Перышком скрипел я, в комнатенку всажен,
вплющился очками в комнатный футляр.
Маяковский сокрушается, что оказался годен лишь для такого «немужского» занятия, как писание стихов. При своих физических данных (рост, телосложение) он ведь мог бы сгодиться для чего-нибудь более путного. Он, пожалуй, готов признать профессию поэта заслуживающей уважения. Но лишь при условии, «чтоб поэт и в жизни был мастак».
Глазков смотрит на это дело прямо противоположным образом:
За то, что Глазков
Ни на что не годен,
Кроме стихов, —
Ему надо дать орден.
По правде говоря, было бы гораздо понятнее, если бы поэт более или менее извиняющимся тоном доказывал, что, будучи ни на что не годным, кроме стихов, он тоже, так сказать, имеет право на свое место под солнцем. Но чтобы именно вот за эту самую непригодность к другим делам и занятиям требовать орден?..
Что это? Полемический задор? Эпатаж?
Ни то, ни другое.
Глазков, как всегда, говорит именно то, что хочет сказать.

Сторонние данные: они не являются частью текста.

(* Let $C\in\mathcal R_{\rm dec}$ with $|C|\ge2$ and root share decomposition $C=C_1\circ_kC_2$, where $C_1,C_2$ are decorated by inheritance from $C$ and each is labeled by its own intersection order. Let $d,d_1,d_2$ be the decorations of the base chords of $C,C_1,C_2$ respectively. Then for every integer $l$ with $1<l<b(C)$, $$\hat a_C\,a_{d,\,b(C)-l}=\hat a_{C_1}\,a_{d_1,\,b(C_1)-1}\;\hat a_{C_2}\,a_{d_2,\,b(C_2)-l+1}.$$
   Context: Fix a commutative ring $A$ and elements $a_{k,i}\in A$ ($k\ge1$, $i\ge0$). Chord diagrams. A rooted chord diagram of size $n$ is a fixed-point-free involution $C$ of $\{1,\dots,2n\}$, viewed as $n$ chords (transpositions) $(x\,y)$ with $x<y$; the chord containing $1$ is the root chord; $|C|=n$. Chords $(x\,y),(x'\,y')$ cross if $x<x'<y<y'$ or $x'<x<y'<y$. $C$ is connected if the graph whose vertices are the chords, with edges joining crossing chords, is connected. For a set of $m$ chords with $2m$ distinct positive integer endpoints, $\mathrm{norm}$ of it is the chord diagram on $\{1,\dots,2m\}$ obtained by replacing each endpoint by its rank among the $2m$ endpoints. Intersection order. The chords of a rooted connected chord diagram of size $n$ are labeled $1,\dots,n$ recursively: the root chord gets the first available label; the remaining chords split into connected components (w.r.t. crossing); the components are processed in increasing order of their smallest endpoint, each regarded as a rooted connected chord diagram rooted at its chord with smallest endpoint and labeled recursively with the next block of consecutive labels. ''Chord $i$'' means the chord with label $i$. Terminal and base chords. Chord $i$ is terminal if it crosses no chord $j$ with $j>i$. If $t_0<t_1<\dots<t_m$ are the terminal labels, the base chord is $b(C)=t_0$. Insertion of chord diagrams. For $C$ of size $n$ with chords $(x_1y_1),\dots,(x_ny_n)$, root $(x_1y_1)$ ($x_1=1$), $D$ of size $m$ with chords $(x'_iy'_i)$, and $1\le k\le 2m-1$, $C\circ_kD$ is the chord diagram of size $n+m$ with chords $(1,y_1+k)$, $(x_i+k,y_i+k)$ ($2\le i\le n$), $(H(x'_i),H(y'_i))$ ($1\le i\le m$), where $H(x)=x+1$ if $x\le k$ and $H(x)=x+2n$ otherwise. Root share decomposition. For rooted connected $C$ with $|C|\ge2$, let $C_1$ be the connected component (of the chords other than the root) having the smallest endpoint among such components. There is a unique $i$ with $C=C'\circ_iC''$, where $C'=\mathrm{norm}(C\setminus C_1)$, $C''=\mathrm{norm}(C_1)$. (In the lemma, $C_1$ denotes $C'$ and $C_2$ denotes $C''$.) Decorations. A decorated chord diagram is a rooted connected chord diagram with a positive integer $d_i$ on each chord $i$; $\mathcal R_{\rm dec}$ is the set of all of them. Monomial. With terminal labels $t_0<\dots<t_m$, $\hat a_C=\prod_{c=1}^m a_{d_{t_c},t_c-t_{c-1}}\cdot\prod_{i\text{ non-terminal}}a_{d_i,0}$. *)

From HB Require Import structures.
From mathcomp Require Import all_boot all_order all_algebra.
Set Implicit Arguments. Unset Strict Implicit. Unset Printing Implicit Defensive.
Import GRing.Theory.
Section Normalized.
Variable R : realType.
Variables (c f s z : R).
Hypotheses (c_gt0 : 0 < c) (f_gt0 : 0 < f) (s_gt0 : 0 < s)
  (z_gt0 : 0 < z) (z_lt1 : z < 1).

(* [lra] and [nra] do not see section hypotheses, so proofs copy them first. *)
Local Ltac params :=
  move: (c_gt0) (f_gt0) (s_gt0) (z_gt0) (z_lt1) => ? ? ? ? ?.

Definition Tn (e : R) : R :=
  Num.max (1 / c) (Num.max ((z * e + 1 - e) / s) (e / f)).

Definition Vn (e : R) : R :=
  Num.max 0 (Num.max (c - s - (1 - z) * f)
                     (Num.max (e * c - f) ((z * e + 1 - e) * c - s))).

Definition Tn_opt : R :=
  Num.max (1 / c) (Num.max (1 / ((1 - z) * f + s)) (z / s)).

Definition Vn_opt : R :=
  Num.max 0 (Num.max (c - s - (1 - z) * f) (z * c - s)).

Lemma mix_ge (e : R) : e <= 1 -> z <= z * e + 1 - e.
Proof.
move=> e_le1; params.
have : 0 <= (1 - e) * (1 - z) by apply: mulr_ge0; lra.
lra.
Qed.

Lemma Tn_cases (e : R) : 0 <= e <= 1 ->
  (if f <= e * c then
     if s <= z * f + (1 - e) * c then
       if e * s / (z * e + 1 - e) <= f then (z * e + 1 - e) / s else e / f
     else e / f
   else if s <= (z * e + 1 - e) * c then (z * e + 1 - e) / s else 1 / c)
  = Tn e.
Proof.
move=> /andP[e_ge0 e_le1]; params; rewrite /Tn.
have a_gt0 : 0 < z * e + 1 - e by apply: lt_le_trans (mix_ge e_le1).
have zfc : f <= e * c -> z * f <= z * (e * c) by rewrite ler_pM2l.
case: lerP => h1; [case: lerP => h2; [case: lerP => h3|] | case: lerP => h2].
- rewrite ler_pdivrMr // in h3.
  rewrite max3_m // ler_pdiv_cross // ?mul1r; have := zfc h1; lra.
- rewrite ltr_pdivlMr // in h3.
  rewrite max3_r // ler_pdiv_cross // ?mul1r; lra.
- rewrite max3_r // ler_pdiv_cross // ?mul1r; first lra.
  have : e * (z * f + (1 - e) * c) <= e * s by rewrite ler_wpM2l // ltW.
  have : (1 - e) * f <= (1 - e) * (e * c) by rewrite ler_wpM2l // subr_ge0.
  lra.
- rewrite max3_m // ler_pdiv_cross // ?mul1r; first lra.
  have : e * s <= e * ((z * e + 1 - e) * c) by rewrite ler_wpM2l.
  have : (z * e + 1 - e) * (e * c) <= (z * e + 1 - e) * f.
    by rewrite ler_pM2l // ltW.
  lra.
- rewrite max3_l // ler_pdiv_cross // ?mul1r; lra.
Qed.

Lemma Vn_cases (e : R) : 0 <= e <= 1 ->
  (if f <= e * c then
     if s <= z * f + (1 - e) * c then c - s - (1 - z) * f else e * c - f
   else if s <= (z * e + 1 - e) * c then (z * e + 1 - e) * c - s else 0)
  = Vn e.
Proof.
move=> /andP[e_ge0 e_le1]; params; rewrite /Vn.
case: lerP => h1.
  have gap : 0 <= (1 - z) * (e * c - f) by apply: mulr_ge0; lra.
  case: lerP => h2.
    by rewrite [X in Num.max 0 X]max3_l ?max_r //; lra.
  by rewrite [X in Num.max 0 X]max3_m ?max_r //; lra.
have gap : 0 <= (1 - z) * (f - e * c) by apply: mulr_ge0; lra.
case: lerP => h2.
  by rewrite [X in Num.max 0 X]max3_r ?max_r //; lra.
by rewrite max_l // !ge_max; apply/and3P; split; lra.
Qed.

Lemma Tn_opt_cases :
  (if c < s then 1 / c
   else if c < s / z then
     if f < (c - s) / (1 - z) then 1 / ((1 - z) * f + s) else 1 / c
   else if f < s / z then 1 / ((1 - z) * f + s)
   else z / s)
  = Tn_opt.
Proof.
params; rewrite /Tn_opt.
have zc_lt : z * c < c by rewrite gtr_pMl.
have zf_gt0 : 0 < (1 - z) * f by apply: mulr_gt0; lra.
have g_gt0 : 0 < (1 - z) * f + s by lra.
case: ltrP => h1.
  by rewrite max3_l // ler_pdiv_cross // ?mul1r; lra.
case: ltrP => h2.
  rewrite ltr_pdivlMr // in h2.
  case: ltrP => h3.
    rewrite ltr_pdivlMr ?subr_gt0 // in h3.
    have hint : z * (f * (1 - z)) <= z * (c - s) by rewrite ler_pM2l // ltW.
    by rewrite max3_m // ler_pdiv_cross // ?mul1r; lra.
  rewrite ler_pdivrMr ?subr_gt0 // in h3.
  by rewrite max3_l // ler_pdiv_cross // ?mul1r; lra.
rewrite ler_pdivrMr // in h2.
case: ltrP => h3.
  rewrite ltr_pdivlMr // in h3.
  have hint : (1 - z) * (f * z) <= (1 - z) * s by rewrite ler_pM2l ?subr_gt0 // ltW.
  rewrite max3_m // ler_pdiv_cross // ?mul1r; last lra.
  by rewrite -(ler_pM2l z_gt0); lra.
rewrite ler_pdivrMr // in h3.
have hint : (1 - z) * s <= (1 - z) * (f * z) by rewrite ler_pM2l ?subr_gt0.
by rewrite max3_r // ler_pdiv_cross // ?mul1r; lra.
Qed.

Нет нужды доказывать, что Маяковский заблуждался, утверждая, что «для таких работ годна и тля». На самом деле для тех «работ», о которых он говорил, нужны некоторые качества, которыми тля не обладает. Не только тонкий слух, благодаря которому можно услышать «дольней лозы прозябание». И не только «вещие зеницы» и «жало мудрыя змеи». И даже не только «угль, пылающий огнем», вместо сердца… Помимо всех качеств, обозначаемых этими пушкинскими метафорами, производитель тех «работ», о которых с таким самоуничижением говорил Маяковский, должен обладать еще одним свойством, отличающим его от представителей других, более «ординарных» профессий.
4
Это свойство — мужество.
В опубликованных недавно записках о своей встрече с маршалом Жуковым писательница Елена Ржевская приводит такой примечательный эпизод:
«— Вы читали Еременко? — спросил о воспоминаниях, в которых тот пишет, что в разработке Сталинградской операции, в руководстве боевыми действиями участвовали только Хрущев и он, Еременко. — Это неправда… Я его спросил: „Как же ты такое написал?“ А он: „Меня Хрущев попросил“. А мне кто бы ни сказал, я бы не написал неправду.
В это верилось.
Он был полон решимости стоять на своем. Сказано это им было 2 ноября 1965 года, когда он уже заканчивал мемуары, а подписаны они к печати лишь 24.XII.1968 г. Между этими двумя датами Жуков намытарился с книгой. И, больной, мучимый страстным желанием увидеть при жизни свою книгу опубликованной, уступил настояниям, советам, замечаниям. Что-то ушло из книги, что-то переакцентировалось, что-то добавлялось. К примеру: „Героики“ у меня не будет, — говорил он с каким-то даже вызовом: — Пишу о том, что было в моей сфере… Но „офицеры с пулеметами“ и отличившиеся рядовые, присутствие которых в мемуарах военачальников в ранге командующих фронтами он осудил как материал, взятый напрокат, заимствованный из книг, а не тот, первородный, которым владеет мемуарист и ради которого лишь берется за перо, — чьим-то усердием появились кое-где в его книге, похоже, из раскавыченных донесений политотделов.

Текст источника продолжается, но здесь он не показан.